Berg Files Response to Defense Motion for Protective Order
This morning, Philadelphia attorney Philip Berg filed a response in opposition to the motion for protective order, a measure intended to stay discovery until after the judge rules on a defense motion to dismiss, filed by Barack Obama and the DNC on Monday.
In the response Berg insists, among other things, that he is not seeking the documents specified in his motion for expedited discovery for any improper purpose, that the information requested through discovery is of extreme importance and a matter of public safety, and argues that Barack Obama and the DNC
- have not pointed to any “legitimate privacy concerns.”
- have not pointed out any “substantiated specific examples” showing that disclosure of the information requested through discovery would “cause a defined and serious injury.”
- have not effectively demonstrated “any risk that particularly serious embarrassment will result” from turning over the requested documents.
- have failed to show “good cause” and are not entitled to a protective order.
On the latter, Berg cites a 1994 decision by the Third Circuit Court of Appeals–the appellate court sitting here in Philadelphia and the natural next step in this case should the losing party in District Court choose to appeal–in which the court held that “good cause” exists when the moving party can specifically demonstrate “that disclosure will cause a clearly defined and serious injury” based upon a seven-factor test:
- Whether disclosure will violate any privacy interests;
- Whether the information is sought for a legitimate purpose or for an improper purpose;
- Whether disclosure of the information will cause a party embarrassment;
- Whether confidentiality is sought over information important to public health and safety;
- Whether sharing information among the litigants will promote fairness and efficiency;
- Whether a party who would benefit from the order of confidentiality is a public entity or official; and
- Whether the case involves issues important to the public.
He is requesting that the court order Barack Obama and the DNC to answer ten admissions apiece, all dealing with Obama’s citizenship, constitutional requirements for the presidency, and donations made to Obama’s presidential campaign.
The filed materials also include–and read this carefully–a pair of PROPOSED ORDERS, a procedural fill-in-the-blank measure filed by attorneys to “assume the sale” and make the judge’s job easier, theoretically allowing him or her to simply sign off on a previously crafted document should he or she come down on the side of the filing party. It is important to know this, as Internet rumors have been mistakenly swirling that Judge Surrick has ordered this or ordered that, when in fact people are simply misinterpreting what is a proposed order.
In the case of this responsorial pleading, Berg has filed two separate proposed orders — the first a ready denial of the motion for protective order filed by Obama and the DNC, the second a ready order granting in part and denying in part, a measure which would essentially commence limited discovery.

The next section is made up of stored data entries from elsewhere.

(* Let $G(n,n_1,\dots,n_L,p_1,\dots,p_L)$ be a multi-layer stochastic block model network satisfying the standing assumptions below, let $\mathcal{L}$ be its set of layers, fix a target layer $l^*\in\mathcal{L}$ and let $\mathcal{L}'=\mathcal{L}\setminus\{l^*\}$. If a suitable reducing method is applied to all communities of the layers in $\mathcal{L}'$, then the (expected) modularity of the partition $l^*$ increases.
   Context: Multi-layer stochastic block model $G(n,n_1,\dots,n_L,p_1,\dots,p_L)$: a random graph on $n$ nodes with $L$ layers. For each layer $l$ the nodes are partitioned into $n_l$ planted communities of size $s_l=n/n_l$; independently for each layer, each pair of nodes in a common community of layer $l$ receives an edge from layer $l$ with probability $p_l$; the graph is the simple union of all generated edges. The layers' partitions are independent, a pair of nodes lying in a common community of layer $l$ with probability $1/n_l$ independently over layers (self-pairs allowed for convenience); for $k\ge2$ distinct layers and one community from each, the intersection has $n/(n_{l_1}\cdots n_{l_k})$ nodes in expectation. Standing assumptions: $n_l\ge4$, $p_l\in[0.05,1]$, $n\ge2\prod_l n_l$. Notation: for $T\subseteq\mathcal{L}$, $P(T)=1-\prod_{l\in T}(1-p_l)$ is the probability that some layer in $T$ generates an edge on a pair internal to all layers of $T$ (with $P(\emptyset)=0$). A reducing method applied to the layers of $\mathcal{L}'$ is described by $K:2^{\mathcal{L}'}\to[0,1]$, where $K(T)$ is the probability that an edge on a pair of nodes internal to exactly the layers $T$ among $\mathcal{L}'$ is kept; it is called suitable if for all $T,T'\subseteq\mathcal{L}'$, $P(T)\le P(T')$ implies $K(T)\ge K(T')$. Modularity of layer $l^*$: with $e$ edges, $Q=\sum_i\big(\frac{e^i_{in}}{e}-(\frac{d^i}{2e})^2\big)$ over communities $i$ of $l^*$, $e^i_{in}$ the internal edges, $e^i_{out}$ the edges with exactly one endpoint in $i$, $d^i=2e^i_{in}+e^i_{out}$, all counts replaced by their expected values. *)

From HB Require Import structures.
From mathcomp Require Import all_boot all_order all_algebra.
Set Implicit Arguments. Unset Strict Implicit. Unset Printing Implicit Defensive.
Import Order.TTheory GRing.Theory Num.Theory.
Local Open Scope ring_scope.

Section MLSBM.
Variables (R : realFieldType) (Lay : finType).

Definition Pedge (p : Lay -> R) (T : {set Lay}) : R :=
  1 - \prod_(l in T) (1 - p l).

Definition reducing_method (Lp : {set Lay}) (K : {set Lay} -> R) : Prop :=
  forall T : {set Lay}, T \subset Lp -> 0 <= K T <= 1.

Definition suitable (p : Lay -> R) (Lp : {set Lay}) (K : {set Lay} -> R) : Prop :=
  forall T T' : {set Lay}, T \subset Lp -> T' \subset Lp ->
    Pedge p T <= Pedge p T' -> K T' <= K T.

(* Probability that a pair of nodes lies in a common community of exactly the
   layers T among the layers U (independent layers, probability 1/n_l each). *)
Definition layer_wt (nl : Lay -> nat) (U T : {set Lay}) : R :=
  (\prod_(l in T) ((nl l)%:R)^-1) * \prod_(l in U :\: T) (1 - ((nl l)%:R)^-1).

(* Expected (kept) edge indicator of a pair which is internal (inside = true)
   resp. not internal (inside = false) to the target layer lstar; the other
   layers Lp = L \ {lstar} are random, K applied to the exact set T of layers of
   Lp to which the pair is internal. *)
Definition edge_exp (nl : Lay -> nat) (p : Lay -> R) (lstar : Lay)
    (K : {set Lay} -> R) (inside : bool) : R :=
  let Lp := [set: Lay] :\ lstar in
  \sum_(T : {set Lay} | T \subset Lp)
     layer_wt nl Lp T * Pedge p (if inside then lstar |: T else T) * K T.

(* Modularity of a partition into k communities, from (expected) counts
   e_in^i and e_out^i; e = total number of edges = sum e_in + (sum e_out)/2,
   d^i = 2 e_in^i + e_out^i. *)
Definition modularity (k : nat) (ein eout : 'I_k -> R) : R :=
  let e := \sum_(i < k) ein i + (\sum_(i < k) eout i) / 2%:R in
  \sum_(i < k) (ein i / e - ((2%:R * ein i + eout i) / (2%:R * e)) ^+ 2).

(* Community i of lstar has size s = n / n_lstar;
   it contains s^2/2 node pairs (self-pairs allowed) and s(n-s) pairs with
   exactly one endpoint in it. *)
Definition sbm_modularity (n : nat) (nl : Lay -> nat) (p : Lay -> R)
    (lstar : Lay) (K : {set Lay} -> R) : R :=
  let s : R := n%:R / (nl lstar)%:R in
  modularity (k := nl lstar)
    (fun _ => s ^+ 2 / 2%:R * edge_exp nl p lstar K true)
    (fun _ => s * (n%:R - s) * edge_exp nl p lstar K false).

End MLSBM.

From HB Require Import structures.
From mathcomp Require Import all_boot all_order all_algebra.
From mathcomp Require Import ring lra.
Import Order.TTheory GRing.Theory Num.Theory.
Local Open Scope ring_scope.

(* With k identical communities, Q = 2x/(2x+y) - 1/k, where x and y are the
   expected internal and outgoing edge counts of one community; so Q increases
   with x/y, which is proportional to a/b, the ratio of the expected kept-edge
   indicators of a pair inside resp. outside a community of the target layer.
   Conditioning on the set T of other layers sharing the pair, with weights
   w(T), gives b = Σ w P K and a = q Σ w K + (1 - q) b, where q is the edge
   probability of the target layer.  Hence a/b does not decrease under the
   reduction as soon as (Σ w)(Σ w P K) <= (Σ w K)(Σ w P), which is Chebyshev's
   sum inequality: a suitable K is ordered oppositely to P. *)

Lemma chebyshev_sum_le (R : realDomainType) (I : finType) (P : pred I)
    (w f g : I -> R) :
  (forall i, P i -> 0 <= w i) ->
  (forall i j, P i -> P j -> (f i - f j) * (g i - g j) <= 0) ->
  (\sum_(i | P i) w i) * (\sum_(i | P i) w i * g i * f i) <=
  (\sum_(i | P i) w i * f i) * (\sum_(i | P i) w i * g i).
Proof.
move=> w_ge0 fg_anti.
set W := \sum_(i | P i) w i; set WGF := \sum_(i | P i) w i * g i * f i.
set WF := \sum_(i | P i) w i * f i; set WG := \sum_(i | P i) w i * g i.
have row_sum i : \sum_(j | P j) w i * w j * ((f i - f j) * (g i - g j)) =
    w i * g i * f i * W + w i * WGF - w i * f i * WG - w i * g i * WF.
  rewrite /W /WGF /WG /WF !mulr_sumr -big_split -!sumrB /=.
  by apply: eq_bigr => j _; ring.
have double_sum_le0 :
    \sum_(i | P i) \sum_(j | P j) w i * w j * ((f i - f j) * (g i - g j)) <= 0.
  apply: sumr_le0 => i Pi; apply: sumr_le0 => j Pj.
  by rewrite -mulrA mulr_ge0_le0 ?w_ge0 // mulr_ge0_le0 ?w_ge0 ?fg_anti.
(* The double sum equals 2 (W WGF - WF WG). *)
move: double_sum_le0; rewrite (eq_bigr _ (fun i _ => row_sum i)).
rewrite !sumrB big_split /= -!mulr_suml -/W -/WGF -/WF -/WG.
by move=> ?; nra.
Qed.

Lemma modularity_uniform (R : realFieldType) (k : nat) (x y : R) :
  (0 < k)%N -> 2%:R * x + y != 0 ->
  modularity (k := k) (fun _ => x) (fun _ => y) =
  2%:R * x / (2%:R * x + y) - k%:R^-1.
Proof.
move=> k_gt0 d_neq0; have k_neq0 : k%:R != 0 :> R by rewrite pnatr_eq0 -lt0n.
rewrite /modularity !sumr_const card_ord.
rewrite -[x *+ k]mulr_natr -[y *+ k]mulr_natr -[(_ - _) *+ k]mulr_natr.
field; rewrite k_neq0 d_neq0 /=.
have -> : x * k%:R * 2 + y * k%:R = k%:R * (2 * x + y) by ring.
by rewrite mulf_neq0.
Qed.

Lemma ler_modularity_uniform (R : realFieldType) (k : nat) (x1 y1 x2 y2 : R) :
  (0 < k)%N -> 0 < x1 -> 0 <= y1 -> 0 < x2 -> 0 <= y2 -> x1 * y2 <= x2 * y1 ->
  modularity (k := k) (fun _ => x1) (fun _ => y1) <=
  modularity (k := k) (fun _ => x2) (fun _ => y2).
Proof.
move=> k_gt0 x1_gt0 y1_ge0 x2_gt0 y2_ge0 x12.
have d1_gt0 : 0 < 2%:R * x1 + y1 by lra.
have d2_gt0 : 0 < 2%:R * x2 + y2 by lra.
rewrite !modularity_uniform ?gt_eqF // lerD2r.
by rewrite ler_pdivrMr // mulrAC ler_pdivlMr //; nra.
Qed.

Lemma Pedge_setU1 (R : realFieldType) (Lay : finType) (p : Lay -> R)
    (l : Lay) (T : {set Lay}) :
  l \notin T -> Pedge p (l |: T) = p l + (1 - p l) * Pedge p T.
Proof. by move=> lNT; rewrite /Pedge big_setU1 //=; ring. Qed.

Lemma Pedge_ge0 (R : realFieldType) (Lay : finType) (p : Lay -> R)
    (T : {set Lay}) :
  (forall l, 0 <= p l <= 1) -> 0 <= Pedge p T.
Proof.
move=> p01; rewrite subr_ge0; apply: prodr_ile1 => l _.
by have /andP[] := p01 l; lra.
Qed.

Lemma layer_wt_gt0 (R : realFieldType) (Lay : finType) (nl : Lay -> nat)
    (U T : {set Lay}) :
  (forall l, (1 < nl l)%N) -> 0 < layer_wt R nl U T.
Proof.
move=> nl_gt1; have nl_gt0 l : 0 < (nl l)%:R :> R by rewrite ltr0n ltnW.
apply: mulr_gt0; apply: prodr_gt0 => l _; first by rewrite invr_gt0.
by rewrite subr_gt0 invf_lt1 // ltr1n.
Qed.

Section ExpectedEdges.
Variables (R : realFieldType) (Lay : finType) (nl : Lay -> nat) (p : Lay -> R).
Variable lstar : Lay.
Hypothesis nl_gt1 : forall l, (1 < nl l)%N.
Hypothesis p01 : forall l, 0 <= p l <= 1.

Local Notation Lp := ([set: Lay] :\ lstar).
Local Notation w := (layer_wt R nl Lp).
Local Notation a K := (edge_exp nl p lstar K true).
Local Notation b K := (edge_exp nl p lstar K false).

Lemma edge_exp_inside (K : {set Lay} -> R) :
  a K = p lstar * \sum_(T : {set Lay} | T \subset Lp) w T * K T
        + (1 - p lstar) * b K.
Proof.
rewrite /edge_exp /= !mulr_sumr -big_split /=; apply: eq_bigr => T TLp.
have lstarNT : lstar \notin T by apply/negP => /(subsetP TLp); rewrite !inE eqxx.
by rewrite Pedge_setU1 //; ring.
Qed.

Lemma edge_exp_outside_ge0 (K : {set Lay} -> R) :
  (forall T : {set Lay}, T \subset Lp -> 0 <= K T) -> 0 <= b K.
Proof.
move=> K_ge0; apply: sumr_ge0 => T TLp.
by rewrite mulr_ge0 ?K_ge0 // mulr_ge0 ?Pedge_ge0 // ltW ?layer_wt_gt0.
Qed.

Lemma edge_exp_inside_gt0 (K : {set Lay} -> R) :
  0 < p lstar -> (forall T : {set Lay}, T \subset Lp -> 0 <= K T) ->
  (exists2 T : {set Lay}, T \subset Lp & 0 < K T) -> 0 < a K.
Proof.
move=> p_gt0 K_ge0 [T0 T0Lp KT0_gt0]; rewrite edge_exp_inside.
have p_le1 : 0 <= 1 - p lstar by have /andP[] := p01 lstar; lra.
apply: ltr_pwDl; last by rewrite mulr_ge0 ?edge_exp_outside_ge0.
apply: mulr_gt0 => //; rewrite (bigD1 T0) //=.
apply: ltr_pwDl; first by rewrite mulr_gt0 ?layer_wt_gt0.
by apply: sumr_ge0 => T /andP[TLp _]; rewrite mulr_ge0 ?K_ge0 // ltW ?layer_wt_gt0.
Qed.

Lemma edge_exp_ratio_le (K : {set Lay} -> R) :
  0 <= p lstar -> suitable p Lp K ->
  a (fun _ => 1) * b K <= a K * b (fun _ => 1).
Proof.
move=> p_ge0 K_suit.
have cheb : (\sum_(T : {set Lay} | T \subset Lp) w T) * b K <=
            (\sum_(T : {set Lay} | T \subset Lp) w T * K T) * b (fun _ => 1).
  rewrite /edge_exp /=; under [X in _ <= _ * X]eq_bigr do rewrite mulr1.
  apply: chebyshev_sum_le => [T _ | T T' TLp T'Lp].
    by rewrite ltW ?layer_wt_gt0.
  have [PTT'|PT'T] := lerP (Pedge p T) (Pedge p T').
    by have := K_suit _ _ TLp T'Lp PTT'; nra.
  by have := K_suit _ _ T'Lp TLp (ltW PT'T); nra.
rewrite !edge_exp_inside; under eq_bigr do rewrite mulr1.
by have := ler_wpM2l p_ge0 cheb; nra.
Qed.

Lemma ler_sbm_modularity (n : nat) (K1 K2 : {set Lay} -> R) :
  (0 < n)%N -> 0 < a K1 -> 0 <= b K1 -> 0 < a K2 -> 0 <= b K2 ->
  a K1 * b K2 <= a K2 * b K1 ->
  sbm_modularity n nl p lstar K1 <= sbm_modularity n nl p lstar K2.
Proof.
move=> n_gt0 a1_gt0 b1_ge0 a2_gt0 b2_ge0 ab12.
have k_gt0 : (0 < nl lstar)%N by rewrite ltnW.
rewrite /sbm_modularity /=; set s : R := n%:R / (nl lstar)%:R.
have s_gt0 : 0 < s by rewrite divr_gt0 ?ltr0n.
have c_ge0 : 0 <= n%:R - s.
  by rewrite subr_ge0 ler_pdivrMr ?ltr0n // ler_peMr ?ler0n ?ler1n.
have x_gt0 x : 0 < x -> 0 < s ^+ 2 / 2%:R * x.
  by move=> x_gt0; rewrite !mulr_gt0 ?exprn_gt0 ?invr_gt0 ?ltr0n.
have y_ge0 y : 0 <= y -> 0 <= s * (n%:R - s) * y.
  by move=> y_ge0; rewrite mulr_ge0 // mulr_ge0 // ltW.
apply: ler_modularity_uniform; rewrite ?x_gt0 ?y_ge0 //.
rewrite mulrACA [X in _ <= X]mulrACA; apply: ler_wpM2l => //.
by rewrite mulr_ge0 ?mulr_ge0 ?exprn_ge0 ?invr_ge0 ?ler0n // ltW.
Qed.

End ExpectedEdges.

Theorem theorem16 (R : realFieldType) (Lay : finType) (n : nat)
    (nl : Lay -> nat) (p : Lay -> R) (lstar : Lay) (K : {set Lay} -> R) :
  (forall l, (4 <= nl l)%N) ->
  (forall l, 20%:R^-1 <= p l <= 1) ->
  (2 * \prod_(l : Lay) nl l <= n)%N ->
  reducing_method ([set: Lay] :\ lstar) K ->
  suitable p ([set: Lay] :\ lstar) K ->
  (exists T : {set Lay}, T \subset [set: Lay] :\ lstar /\ 0 < K T) ->
  sbm_modularity n nl p lstar (fun _ => 1) <= sbm_modularity n nl p lstar K.
Proof.
move=> nl_ge4 p_bounds n_large K_red K_suit [T0 [T0Lp KT0_gt0]].
have nl_gt1 l : (1 < nl l)%N by apply: leq_trans (nl_ge4 l).
have inv20_gt0 : 0 < 20%:R^-1 :> R by rewrite invr_gt0 ltr0n.
have p01 l : 0 <= p l <= 1 by have /andP[] := p_bounds l; lra.
have p_gt0 : 0 < p lstar by have /andP[] := p_bounds lstar; lra.
have K_ge0 (T : {set Lay}) : T \subset [set: Lay] :\ lstar -> 0 <= K T.
  by case/K_red/andP.
have n_gt0 : (0 < n)%N.
  by apply: leq_trans n_large; rewrite muln_gt0 prodn_gt0 // => l; rewrite ltnW.
apply: ler_sbm_modularity; rewrite ?edge_exp_outside_ge0 //.
- by apply: edge_exp_inside_gt0 => //; exists T0.
- by apply: edge_exp_inside_gt0 => //; exists T0.
- by apply: edge_exp_ratio_le; rewrite ?ltW.
Qed.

Looking at this from the perspective of defense counsel, there are a few areas where today’s filing is open for counterattack. One is the distinction between questions of law and questions of fact, another is the “automatic” nature by which a court will stay discovery. First, in this case as it stands now, the question of law is whether or not Phil Berg has standing to sue Barack Obama, the DNC and the FEC while the question of fact has to do with the veracity of the claims against Obama and the other defendants. In some of the cases relied upon to support his opposition to the defense motion for protective order, the question was in regards to the sufficiency of the allegations, whereas the motion for protective order was a question of law. Second, Berg relies upon Keystone Coke Co. v. Pasquale, a 1999 case which held that a court “should not automatically stay discovery when there is a pending motion to dismiss,” when Obama and the DNC cited cases supporting not an “automatic” stay but a stay in situations when deemed proper.

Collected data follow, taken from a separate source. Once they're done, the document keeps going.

(* Each run of [F] has a last vertex and a first vertex; both lie on the boundary. *)
Lemma isolated_of_unique_boundary F :
  F != set0 -> F != setT ->
  {in F &, forall x y, degA W F x <= 1 -> degA W F y <= 1 -> x = y} ->
  exists2 x, x \in F & degA W F x = 0.
Proof.
move=> F0 FT uniq_bd; have [x xF Sx] := exists_ordS_notin F0 FT.
have [y yF Py] := exists_ord_pred_notin F0 FT.
have eq_xy : x = y.
  by apply: uniq_bd; rewrite // degA_wheel ?(negbTE Sx) ?(negbTE Py); case: (_ \in F).
by exists x; rewrite // degA_wheel (negbTE Sx) eq_xy (negbTE Py).
Qed.

Lemma degA_arc a b x : a != b -> b != ord_pred a -> x \in arc a b ->
  degA W (arc a b) x = ((x != b) + (x != a))%N%:Z.
Proof. by move=> ab b_pred x_arc; rewrite degA_wheel arc_ordS ?arc_ord_pred. Qed.

Lemma setT_neq0 : [set: 'I_n] != set0.
Proof. by rewrite -card_gt0 cardsT card_ord; lia. Qed.

Lemma exists_notin_card_le1 S : (#|S| <= 1)%N -> exists v, v \notin S.
Proof.
move=> S_le1; have : S != setT.
  by apply: contraTneq S_le1 => ->; rewrite cardsT card_ord; lia.
by rewrite -properT => /properP[_ [v _ vS]]; exists v.
Qed.

Lemma recurrent_of_one_two c :
  (forall i, c i = 1 \/ c i = 2) -> (exists v, c v = 2) -> recurrent W c.
Proof.
move=> c12 [v cv]; split => [u | [F [F0 Fc]]].
  by rewrite deg_wheel; case: (c12 u) => ->.
have [FT | FT] := eqVneq F setT.
  by move: (Fc v); rewrite FT in_setT degA_wheel_setT cv => /(_ isT).
have [x xF bd] := exists_boundary F0 FT.
by have := Fc x xF; case: (c12 x) => ->; lia.
Qed.

Lemma recurrent_cminus_of_one_two c v :
  (forall i, c i = 1 \/ c i = 2) -> (#|[set i | c i == 1]| <= 1)%N -> c v = 2 ->
  recurrent W (cminus W c v).
Proof.
move=> c12 /card_le1_eqP one1 cv.
have dE u : u != v -> cminus W c v u = c u - 1 by move=> uv; rewrite /cminus (negbTE uv).
split => [u | [F [F0 Fc]]].
  by rewrite deg_wheel /cminus mults_wheel; case: ifP; case: (c12 u) => ->.
have vF : v \notin F.
  by apply/negP => /Fc; rewrite /cminus eqxx cv; have := degA_wheel_le2 F v; lia.
have FT : F != setT by apply: contraNneq vF => ->; rewrite in_setT.
have dF u : u \in F -> cminus W c v u = c u - 1.
  by move=> uF; apply: dE; apply: contraNneq vF => <-.
have [x xF] : exists2 x, x \in F & degA W F x = 0.
  apply: isolated_of_unique_boundary => // x y xF yF bx b_y.
  have one u : u \in F -> degA W F u <= 1 -> u \in [set i | c i == 1].
    move=> uF bu; have := Fc u uF; rewrite dF // inE.
    by case: (c12 u) => ->; lia.
  by rewrite (one1 _ _ (one x xF bx) (one y yF b_y)).
by have := Fc x xF; rewrite dF // => /[swap] ->; case: (c12 x) => ->.
Qed.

All in all, however, Berg’s pleadings are getting tighter and are better supported each time. With the possible exception of the Keystone Coke case cited above, most of his cases are on point and his arguments fairly proper, especially given the way similar suits against John McCain have come to fruition in the past. It should be said as well that none of the measures taken by either side should be all that surprising–with possible exception of Berg’s request for a special master in his motion for expedited discovery, undoubtedly a decent maneuver–given the potentially high-profile of this action.
This now makes a total of six pending pleadings in the court, not including the two intervening motions — Berg’s motion for expedited discovery, Obama and the DNC’s motion to dismiss, Berg’s opposition to the motion to dismiss, Berg’s motion for leave to file amended complaint, Obama and the DNC’s motion for protective order, and today’s response. Judge Surrick could address each one at once, or he could address all on one order. Either way, he could do it essentially at any time. That could mean today, tomorrow, next week, or beyond.
I’m still waiting on comment from Philip Berg on some specific legal questions he wanted to ponder before answering. Understandable, because they weren’t easy questions. As soon as I receive his answer, I will include it here.